Breast-cancer screening as anomaly ranking¶
This real sklearn dataset is a useful reality check. The classes are not generated by a covariance model, so robustcov should not be expected to dominate all baselines.
Result at a glance¶
EllipticEnvelope has the best F1 in this run. FastMCD is close to IsolationForest and OneClassSVM but not best. This is a valuable honest example: robust distances are competitive diagnostics, not universal winners.
What the data represent¶
The example uses the sklearn breast-cancer dataset with a reduced feature representation. One class is treated as the anomaly class for an unsupervised screening comparison.
Why this estimator¶
FastMCD is included as an interpretable robust-distance baseline.
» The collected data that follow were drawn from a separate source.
Lemma rcosN e : rcos (- e) = rcos e.
Proof. by rewrite /rcos sqrrN. Qed.

Lemma oneDsqr_neq0 e : 1 + e ^+ 2 != 0.
Proof. by rewrite lt0r_neq0 // ltr_pwDl // sqr_ge0. Qed.

Lemma rsin_gt0 e : 0 < e -> 0 < rsin e.
Proof. by move=> e0; rewrite /rsin divr_gt0 ?mulr_gt0 // ltr_pwDl // sqr_ge0. Qed.

Lemma rcos_lt1 e : e != 0 -> rcos e < 1.
Proof.
move=> e0; have e2 : 0 < e ^+ 2 by rewrite lt0r sqr_ge0 sqrf_eq0 e0.
by rewrite /rcos ltr_pdivrMr ?mul1r; lra.
Qed.

Definition plane_rot_coef i j e (a b : nat) : R :=
  if a == b then (if (a == i) || (a == j) then rcos e else 1)
  else if (a == i) && (b == j) then - rsin e
  else if (a == j) && (b == i) then rsin e
  else 0.

Definition plane_rot i j e : 'M[R]_3 := \matrix_(a, b) plane_rot_coef i j e a b.

Lemma ent_plane_rot i j e a b : (a < 3)%N -> (b < 3)%N ->
  ent (plane_rot i j e) a b = plane_rot_coef i j e a b.
Proof. by move=> a3 b3; rewrite /ent mxE !inordK. Qed.

Lemma plane_rot_orthogonal i j e : (i < j < 3)%N ->
  (plane_rot i j e)^T *m plane_rot i j e = 1%:M.
Proof.
move=> /andP[ij j3]; have den := oneDsqr_neq0 e.
apply: mx3P => a b a3 b3; rewrite ent_mul !ent_tr !ent_plane_rot // ent_scalar //.
case: j j3 ij => [|[|[|//]]] // _; case: i => [|[|//]] // _;
  case: a a3 => [|[|[|//]]] _; case: b b3 => [|[|[|//]]] _;
  by rewrite /plane_rot_coef /rcos /rsin /=; field.
Qed.

Lemma ent_mul_plane_rot i j e M : (i < j < 3)%N ->
  ent (M *m plane_rot i j e) i i = ent M i i * rcos e + ent M i j * rsin e.
Proof.
move=> /andP[ij j3]; case: j j3 ij => [|[|[|//]]] // _; case: i => [|[|//]] // _.
all: by rewrite ent_mul !ent_plane_rot // /plane_rot_coef /=; ring.
Qed.

Definition tr_shift i j M e :=
  (ent M i i + ent M j j) * (rcos e - 1) + (ent M i j - ent M j i) * rsin e.

Lemma mxtrace_mul_plane_rot i j e M : (i < j < 3)%N ->
  \tr (M *m plane_rot i j e) = \tr M + tr_shift i j M e.
Proof.
move=> /andP[ij j3]; rewrite !mxtrace3 !ent_mul !ent_plane_rot // /tr_shift.
case: j j3 ij => [|[|[|//]]] // _; case: i => [|[|//]] // _;
  rewrite /plane_rot_coef /=; ring.
Qed.

Lemma continuous_rcos : continuous rcos.
Proof.
move=> x; rewrite /rcos; apply: cvgM.
  by apply: cvgB; [exact: cvg_cst | exact: cvgM cvg_id cvg_id].
by apply: cvgV; [exact: oneDsqr_neq0 | apply: cvgD; [exact: cvg_cst | exact: cvgM cvg_id cvg_id]].
Qed.

Lemma continuous_rsin : continuous rsin.
Proof.
move=> x; rewrite /rsin; apply: cvgM.
  by apply: cvgM; [exact: cvg_cst | exact: cvg_id].
by apply: cvgV; [exact: oneDsqr_neq0 | apply: cvgD; [exact: cvg_cst | exact: cvgM cvg_id cvg_id]].
Qed.

Lemma tr_shift_cvg0 i j M : tr_shift i j M e @[e --> 0] --> 0.
Proof.
have tr_shift_cont : {for 0, continuous (tr_shift i j M)}.
  apply: cvgD; apply: cvgM; try exact: cvg_cst; try exact: continuous_rsin.
  by apply: cvgB; [exact: continuous_rcos | exact: cvg_cst].
have tr_shift0 : tr_shift i j M 0 = 0.
  by rewrite /tr_shift /rcos /rsin expr0n /=; field.
by move: tr_shift_cont; rewrite /prop_for /continuous_at tr_shift0.
Qed.

Lemma tr_shift_eq0 i j M u : u != 0 ->
  tr_shift i j M u = 0 -> tr_shift i j M (- u) = 0 ->
  ent M i i + ent M j j = 0 /\ ent M i j = ent M j i.
Proof.
move=> u0; rewrite /tr_shift rcosN rsinN => Eu Emu.
have c1 : rcos u - 1 != 0 by rewrite subr_eq0 lt_eqF // rcos_lt1.
have s0 : rsin u != 0.
  by rewrite /rsin mulf_neq0 ?invr_eq0 ?oneDsqr_neq0 // mulf_neq0 // pnatr_eq0.
have T0 : ent M i i + ent M j j = 0 by apply: (mulIf c1); rewrite mul0r; lra.
have S0 : ent M i j - ent M j i = 0 by apply: (mulIf s0); rewrite mul0r; lra.
by split; [ | apply/eqP; rewrite -subr_eq0 S0].
Qed.

End PlaneRotations.

Section InvariantsUnderRotation.
Variable R : realType.
Implicit Types (A : 'M[R]_3) (i j : nat) (e : R).

Lemma tr_cof3 A : tr_cof A =
  ent A 1 1 * ent A 2 2 - ent A 1 2 * ent A 2 1
  + (ent A 0 0 * ent A 2 2 - ent A 0 2 * ent A 2 0)
  + (ent A 0 0 * ent A 1 1 - ent A 0 1 * ent A 1 0).
Proof.
rewrite /tr_cof !big_ord_recr big_ord0 /cofactor !det_mx22 /= !mxE !entE /= /bump /=.
ring.
Qed.

Lemma ent_adj_tr A i j : ent (\adj A)^T i j = cofactor A (inord i) (inord j).
Proof. by rewrite /ent !mxE. Qed.

Lemma tr_cof_mul_plane_rot i j e A : (i < j < 3)%N ->
  tr_cof (A *m plane_rot i j e) = tr_cof A + tr_shift i j (\adj A)^T e.
Proof.
move=> /andP[ij j3]; have den := oneDsqr_neq0 e.
rewrite !tr_cof3 !ent_mul !ent_plane_rot // /tr_shift !ent_adj_tr /cofactor !det_mx22 !mxE !entE.
case: j j3 ij => [|[|[|//]]] // _; case: i => [|[|//]] // _;
  rewrite /plane_rot_coef /= /bump !inordK //=.
all: by rewrite /rcos /rsin; field.
Qed.

Lemma fnorm_sqr3 A : fnorm A ^+ 2 =
  ent A 0 0 ^+ 2 + ent A 0 1 ^+ 2 + ent A 0 2 ^+ 2 +
  ent A 1 0 ^+ 2 + ent A 1 1 ^+ 2 + ent A 1 2 ^+ 2 +
  ent A 2 0 ^+ 2 + ent A 2 1 ^+ 2 + ent A 2 2 ^+ 2.
Proof.
rewrite /fnorm sqr_sqrtr; last by do 2!(apply: sumr_ge0 => ? _); exact: sqr_ge0.
by rewrite !big_ord_recr !big_ord0 !entE /=; ring.
Qed.

Lemma fnorm_ge0 A : 0 <= fnorm A.
Proof. exact: sqrtr_ge0. Qed.

Lemma fnorm_eq0 A : fnorm A = 0 -> A = 0.
Proof.
move=> A0; have := fnorm_sqr3 A; rewrite A0 expr0n /= => sum0.
apply: mx3P => a b a3 b3; rewrite /ent mxE; apply/eqP; rewrite -sqrf_eq0 -/(ent A a b).
have := sqr_ge0 (ent A 0 0); have := sqr_ge0 (ent A 0 1); have := sqr_ge0 (ent A 0 2).
have := sqr_ge0 (ent A 1 0); have := sqr_ge0 (ent A 1 1); have := sqr_ge0 (ent A 1 2).
have := sqr_ge0 (ent A 2 0); have := sqr_ge0 (ent A 2 1); have := sqr_ge0 (ent A 2 2).
by case: a a3 => [|[|[|//]]] _; case: b b3 => [|[|[|//]]] _ /= *; apply/eqP; lra.
Qed.

Lemma fnorm_mul_plane_rot i j e (l : R) A : (i < j < 3)%N ->
  fnorm (A *m plane_rot i j e - l%:M) ^+ 2 = fnorm (A - l%:M) ^+ 2 - 2 * l * tr_shift i j A e.
Proof.
move=> /andP[ij j3]; have den := oneDsqr_neq0 e.
rewrite !fnorm_sqr3 !ent_sub !ent_scalar // !ent_mul !ent_plane_rot // /tr_shift.
case: j j3 ij => [|[|[|//]]] // _; case: i => [|[|//]] // _.
all: by rewrite /plane_rot_coef /rcos /rsin /=; field.
Qed.

End InvariantsUnderRotation.

Lemma char_poly_conj (R : comNzRingType) n (W M V : 'M[R]_n) :
  W *m V = 1%:M -> char_poly (W *m M *m V) = char_poly M.
Proof.
move=> WV; have WVP : map_mx (@polyC R) W *m map_mx polyC V = 1%:M.
  by rewrite -map_mxM WV map_mx1.
have conjP : char_poly_mx (W *m M *m V) =
    map_mx polyC W *m char_poly_mx M *m map_mx polyC V.
  by rewrite /char_poly_mx mulmxBr mulmxBl !map_mxM mul_mx_scalar -scalemxAl WVP scalemx1.
by rewrite /char_poly conjP !det_mulmx mulrAC -det_mulmx WVP det1 mul1r.
Qed.

Section SingularValues.
Variable R : realType.
Implicit Types (A V : 'M[R]_3) (l : R).

Lemma is_sing_vals_mulmx A V : V^T *m V = 1%:M ->
  is_sing_vals (A *m V) = is_sing_vals A.
Proof.
move=> VV; apply/funext => s; apply/propext.
by rewrite /is_sing_vals trmx_mul mulmxA -(mulmxA _ _ A) char_poly_conj.
Qed.

Lemma Pfun_mulmx l A V : V^T *m V = 1%:M -> Defs.Pfun l (A *m V) = Defs.Pfun l A.
Proof. by move=> VV; rewrite /Defs.Pfun /sing_vals is_sing_vals_mulmx. Qed.

Lemma sing_vals_scalar (mu : R) k : 0 <= mu -> sing_vals (mu%:M : 'M[R]_3) 0 k = mu.
Proof.
move=> mu0; set s := sing_vals _.
have cp : char_poly ((mu%:M : 'M[R]_3)^T *m mu%:M) = \prod_(i < 3) ('X - (mu ^+ 2)%:P).
  rewrite tr_scalar_mx -scalar_mxM char_poly_trig ?scalar_mx_is_trig //.
  by apply: eq_bigr => i _; rewrite mxE eqxx mulr1n expr2.
have [s0 s_char] : is_sing_vals (mu%:M : 'M[R]_3) s.
  apply: xgetPex; exists (const_mx mu); split => [i|]; first by rewrite mxE.
  by rewrite cp; apply: eq_bigr => i _; rewrite mxE.
have := congr1 (horner^~ (s 0 k ^+ 2)) s_char.
rewrite cp !horner_prod [in X in _ = X](bigD1 k) //= !hornerXsubC subrr mul0r.
rewrite prodr_const card_ord => /eqP; rewrite expf_eq0 /= subr_eq0 eqf_sqr.
by case/orP => /eqP smu; have := s0 k; lra.
Qed.

Lemma Gfun_scalar l (mu : R) : 0 <= mu -> Gfun l (mu%:M : 'M[R]_3) = 0.
Proof.
move=> mu0; rewrite /Gfun /Defs.Pfun /Nfun tr_cof3 mxtrace3 !ent_scalar //=.
under eq_bigr do rewrite big_mkcond.
rewrite !big_ord_recr !big_ord0 /= !sing_vals_scalar //; ring.
Qed.

Lemma Gfun_mul_plane_rot i j e l A : (i < j < 3)%N ->
  Gfun l (A *m plane_rot i j e) = Gfun l A - tr_shift i j ((\adj A)^T - l *: A) e.
Proof.
move=> ij; rewrite /Gfun /Nfun Pfun_mulmx ?plane_rot_orthogonal //.
rewrite tr_cof_mul_plane_rot // mxtrace_mul_plane_rot // /tr_shift !ent_sub !ent_scale.
ring.
Qed.

End SingularValues.

Lemma continuous_powR (R : realType) (q a : R) : 0 < a ->
  {for a, continuous (fun x : R => x `^ q)}.
Proof.
move=> a0; apply: differentiable_continuous; apply/derivable1_diffP.
by apply: derivable_powR; rewrite in_itv /= a0.
Qed.

Lemma powRB_mulrn (R : realType) (r q : R) n : 0 < r -> r `^ (q - n%:R) * r ^+ n = r `^ q.
Proof.
move=> r0; rewrite -powR_mulrn ?ltW // -powRD ?addrNK //.
by apply/implyP => _; rewrite gt_eqF.
Qed.

Lemma lee_div_fin (R : realType) (a g : R) (M : \bar R) : 0 <= a -> 0 < g ->
  (g%:E <= M)%E -> (a%:E / M <= (a / g)%:E)%E.
Proof.
move=> a0 g0; case: M => [x| |] //=; last first.
  by move=> _; rewrite invey mule0 lee_fin divr_ge0 // ltW.
rewrite lee_fin => gx; have x0 : 0 < x by apply: lt_le_trans gx.
by rewrite inver gt_eqF //= -EFinM lee_fin ler_wpM2l // lef_pV2.
Qed.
It is compared with common sklearn anomaly detectors.
Reproduce the result¶
python examples/use_case_breast_cancer_screening.py
Output from the run¶
breast-cancer anomaly screening
method,seconds,precision,recall,f1,roc_auc,detected
sklearn EllipticEnvelope,0.5495,0.5849,0.5849,0.5849,0.7426,212
sklearn OneClassSVM,0.0130,0.5236,0.5236,0.5236,0.6601,212
sklearn IsolationForest,0.1384,0.5236,0.5236,0.5236,0.6770,212
robustcov FastMCD,0.0678,0.5189,0.5189,0.5189,0.6829,212
sklearn LocalOutlierFactor,0.0079,0.4057,0.4057,0.4057,0.5356,212
n=569, p=12, anomaly_fraction=0.373
robust_radial_kurtosis=6.933
saved diagnostics to results/use_cases/breast_cancer
Figures and diagnostics¶
How to read the result¶
Look at both F1 and ROC-AUC. Similar F1 values can hide different score rankings, and score rankings matter if the practical task is review prioritization.
What this does not prove¶
For medical datasets, supervised clinical models and feature engineering are usually necessary. robustcov should be framed as an interpretable screening score.